Shocked and baffled, Ann shook her head. "Maybe if you'd been more satisfied with what you had and what you were, instead of running away from it, you'd have been happier."

"Maybe if you'd ever looked at me and been satisfied with what I was, I wouldn't have run so far, and so fast."

"I won't take the blame for how you've lived your life, Margo."

"No, I'll take it." Why not? she thought. There was so much on her debit side already, a little more would hardly matter. "I'll take the blame and the glory. That way I don't need your approval."

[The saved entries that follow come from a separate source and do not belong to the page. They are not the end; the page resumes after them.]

(* Let $G$ be a two-player game with a finite set $\mathcal{P}$ of positions as in the context, let $x$ be a Richman function for $G$, and let $T$ be the set defined from $x$ as in the context. If every position that is quiescent with respect to $x$ belongs to $T$, then every position belongs to $T$.
   Context: The game is given by a finite set $\mathcal{P}$ of positions; each non-terminal position $P$ has a nonempty set of White options $P_w$ and a nonempty set of Black options $P_b$. Terminal positions are designated as White wins or Black wins. A Richman function is a function $x:\mathcal{P}\to[0,1]$ with $x(P)=1$ at terminal White wins, $x(P)=0$ at terminal Black wins, and $x(P)=\frac12(\max_w x(P_w)+\min_b x(P_b))$ at every non-terminal $P$. A White move from $P$ to $P_w$ is $x$-greedy if $x(P_w)=\max_{w'}x(P_{w'})$. Let $T_0$ be the set of terminal positions, and for $n\ge0$ let $T_{n+1}$ consist of the positions that belong to $T_n$, or have an $x$-greedy White option in $T_n$, or have all of their Black options in $T_n$; let $T=\bigcup_n T_n$. A non-terminal position $P$ is quiescent with respect to $x$ if $\min_b x(P_b)=\max_w x(P_w)$. *)

From mathcomp Require Import all_boot all_order all_algebra.
Set Implicit Arguments. Unset Strict Implicit. Unset Printing Implicit Defensive.
Import Order.TTheory GRing.Theory Num.Theory.
Local Open Scope ring_scope.

Section Game.
Variables (R : realFieldType) (P : finType).
(* term p : p is terminal; wwin p : (terminal) p is a White win.
   Wo p / Bo p : White / Black options of p (only meaningful for non-terminal p). *)
Variables (term wwin : pred P) (Wo Bo : P -> {set P}) (x : P -> R).

Definition is_maxval (A : {set P}) (v : R) : Prop :=
  (exists2 a, a \in A & x a = v) /\ (forall a, a \in A -> x a <= v).
Definition is_minval (A : {set P}) (v : R) : Prop :=
  (exists2 a, a \in A & x a = v) /\ (forall a, a \in A -> v <= x a).

Definition well_formed_game : Prop :=
  forall p, ~~ term p -> Wo p != set0 /\ Bo p != set0.

Definition richman : Prop :=
  (forall p, 0 <= x p <= 1) /\
  (forall p, term p -> wwin p -> x p = 1) /\
  (forall p, term p -> ~~ wwin p -> x p = 0) /\
  (forall p, ~~ term p -> exists M m,
     is_maxval (Wo p) M /\ is_minval (Bo p) m /\ x p = (M + m) / 2).

Definition greedy (p w : P) : Prop := w \in Wo p /\ is_maxval (Wo p) (x w).

Fixpoint Tn (n : nat) (p : P) : Prop :=
  match n with
  | 0 => term p
  | n'.+1 => Tn n' p
             \/ (exists w, greedy p w /\ Tn n' w)
             \/ (forall b, b \in Bo p -> Tn n' b)
  end.

Definition inT (p : P) : Prop := exists n, Tn n p.

Definition quiescent (p : P) : Prop :=
  ~~ term p /\ exists v, is_minval (Bo p) v /\ is_maxval (Wo p) v.
End Game.

(* Among the positions outside T pick one, p, maximising x.  Then p is not
   terminal; its x-greedy White option lies outside T (otherwise p would enter
   T), so max_w x(P_w) <= x(p); some Black option lies outside T (otherwise p
   would enter T), so min_b x(P_b) <= x(p).  As x(p) is the average of these two
   values, both equal x(p) and p is quiescent, hence in T: a contradiction. *)

From mathcomp Require Import all_boot all_order all_algebra.
From Stdlib Require Import Classical ClassicalEpsilon.
From mathcomp Require Import lra.

Set Implicit Arguments.
Unset Strict Implicit.
Unset Printing Implicit Defensive.
Import Order.TTheory GRing.Theory Num.Theory.
Local Open Scope ring_scope.

Lemma midpoint_ge_eq (R : realFieldType) (a b : R) :
  a <= (a + b) / 2 -> b <= (a + b) / 2 -> a = b.
Proof. by move=> ha hb; lra. Qed.

Lemma exists_maximizer (T : finType) (R : realFieldType) (f : T -> R)
    (Q : T -> Prop) (t0 : T) :
  Q t0 -> exists2 t, Q t & forall u, Q u -> f u <= f t.
Proof.
pose q u := if excluded_middle_informative (Q u) then true else false.
have qP u : reflect (Q u) (q u).
  by rewrite /q; case: excluded_middle_informative => Qu; constructor.
move=> /qP qt0; case: (@arg_maxP _ _ _ t0 q f qt0) => t /qP Qt tmax.
by exists t => // u /qP /tmax.
Qed.

Section Game.
Variables (R : realFieldType) (P : finType).
Variables (term wwin : pred P) (Wo Bo : P -> {set P}) (x : P -> R).

Local Notation Tn := (Tn term Wo Bo x).
Local Notation inT := (inT term Wo Bo x).

Lemma Tn_le n m p : (n <= m)%N -> Tn n p -> Tn m p.
Proof. by move=> /subnK <-; elim: (m - n)%N => //= k IH /IH; left. Qed.

Lemma inT_uniform (s : seq P) :
  {in s, forall b, inT b} -> exists n, {in s, forall b, Tn n b}.
Proof.
elim: s => [|a s IH] Hs; first by exists 0%N.
have [na Ha] := Hs a (mem_head _ _).
have [ns Hns] := IH (fun b bs => Hs b (mem_behead (s := a :: s) bs)).
exists (maxn na ns) => b; rewrite inE => /predU1P [-> | bs].
  exact: Tn_le (leq_maxl _ _) Ha.
exact: Tn_le (leq_maxr _ _) (Hns b bs).
Qed.

Lemma inT_term p : term p -> inT p.
Proof. by exists 0%N. Qed.

Lemma inT_greedy p w : greedy Wo x p w -> inT w -> inT p.
Proof. by move=> gw [n Hw]; exists n.+1; right; left; exists w. Qed.

Lemma inT_black p : {in Bo p, forall b, inT b} -> inT p.
Proof.
move=> HB; have [n Hn] : exists n, {in enum (Bo p), forall b, Tn n b}.
  by apply: inT_uniform => b; rewrite mem_enum => /HB.
by exists n.+1; right; right => b bB; apply: Hn; rewrite mem_enum.
Qed.

Lemma maximal_notT_quiescent p :
  richman term wwin Wo Bo x -> ~ inT p ->
  (forall q, ~ inT q -> x q <= x p) -> quiescent term Wo Bo x p.
Proof.
move=> [_ [_ [_ rich]]] notTp pmax.
have nt : ~~ term p by apply/negP => /inT_term.
have [M [m [[[w wW xw] Mmax] [[[b bB xb] mmin] xp]]]] := rich p nt.
have greedy_w : greedy Wo x p w by do 2 split=> //; [exists w | rewrite xw].
have Mle : M <= x p by rewrite -xw; apply/pmax => /(inT_greedy greedy_w).
have [b' b'B notTb'] : exists2 b', b' \in Bo p & ~ inT b'.
  apply: NNPP => noB; apply/notTp/inT_black => c cB.
  by apply: NNPP => notTc; apply: noB; exists c.
have mle : m <= x p by apply: le_trans (mmin _ b'B) (pmax _ notTb').
have eMm : M = m by apply: midpoint_ge_eq; rewrite -xp.
split=> //; exists M; split; last by split=> //; exists w.
by rewrite eMm; split=> //; exists b.
Qed.

End Game.

Theorem proposition3 (R : realFieldType) (P : finType)
    (term wwin : pred P) (Wo Bo : P -> {set P}) (x : P -> R) :
  well_formed_game term Wo Bo ->
  richman term wwin Wo Bo x ->
  (forall p, quiescent term Wo Bo x p -> inT term Wo Bo x p) ->
  forall p, inT term Wo Bo x p.
Proof.
move=> _ rich quiescent_inT p; apply: NNPP => notTp.
have [q notTq qmax] :=
  exists_maximizer x (Q := fun q => ~ inT term Wo Bo x q) notTp.
exact/notTq/quiescent_inT/(maximal_notT_quiescent rich notTq qmax).
Qed.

"I've never known you to ask for it." Ann strode out of the room and left Margo to stew.

She gave it three days. It was odd. They had never actually lived together in the house as adults. At eighteen Laura had gotten married, Margo had run to Hollywood, and Kate, always struggling to leap over that single year's age difference, had graduated early and bolted to Harvard.

Now they settled in. Kate used the excuse that she didn't have the energy to drive back to her apartment in Monterey, and Margo claimed to be marking time. She decided her mother had been right about some things. Laura was coping. But the difficult situation was only going to get worse. Already visitors were dropping by. Mostly the country club set, Margo noted, sniffing for gossip on the breakup of the Templeton-Ridgeway merger.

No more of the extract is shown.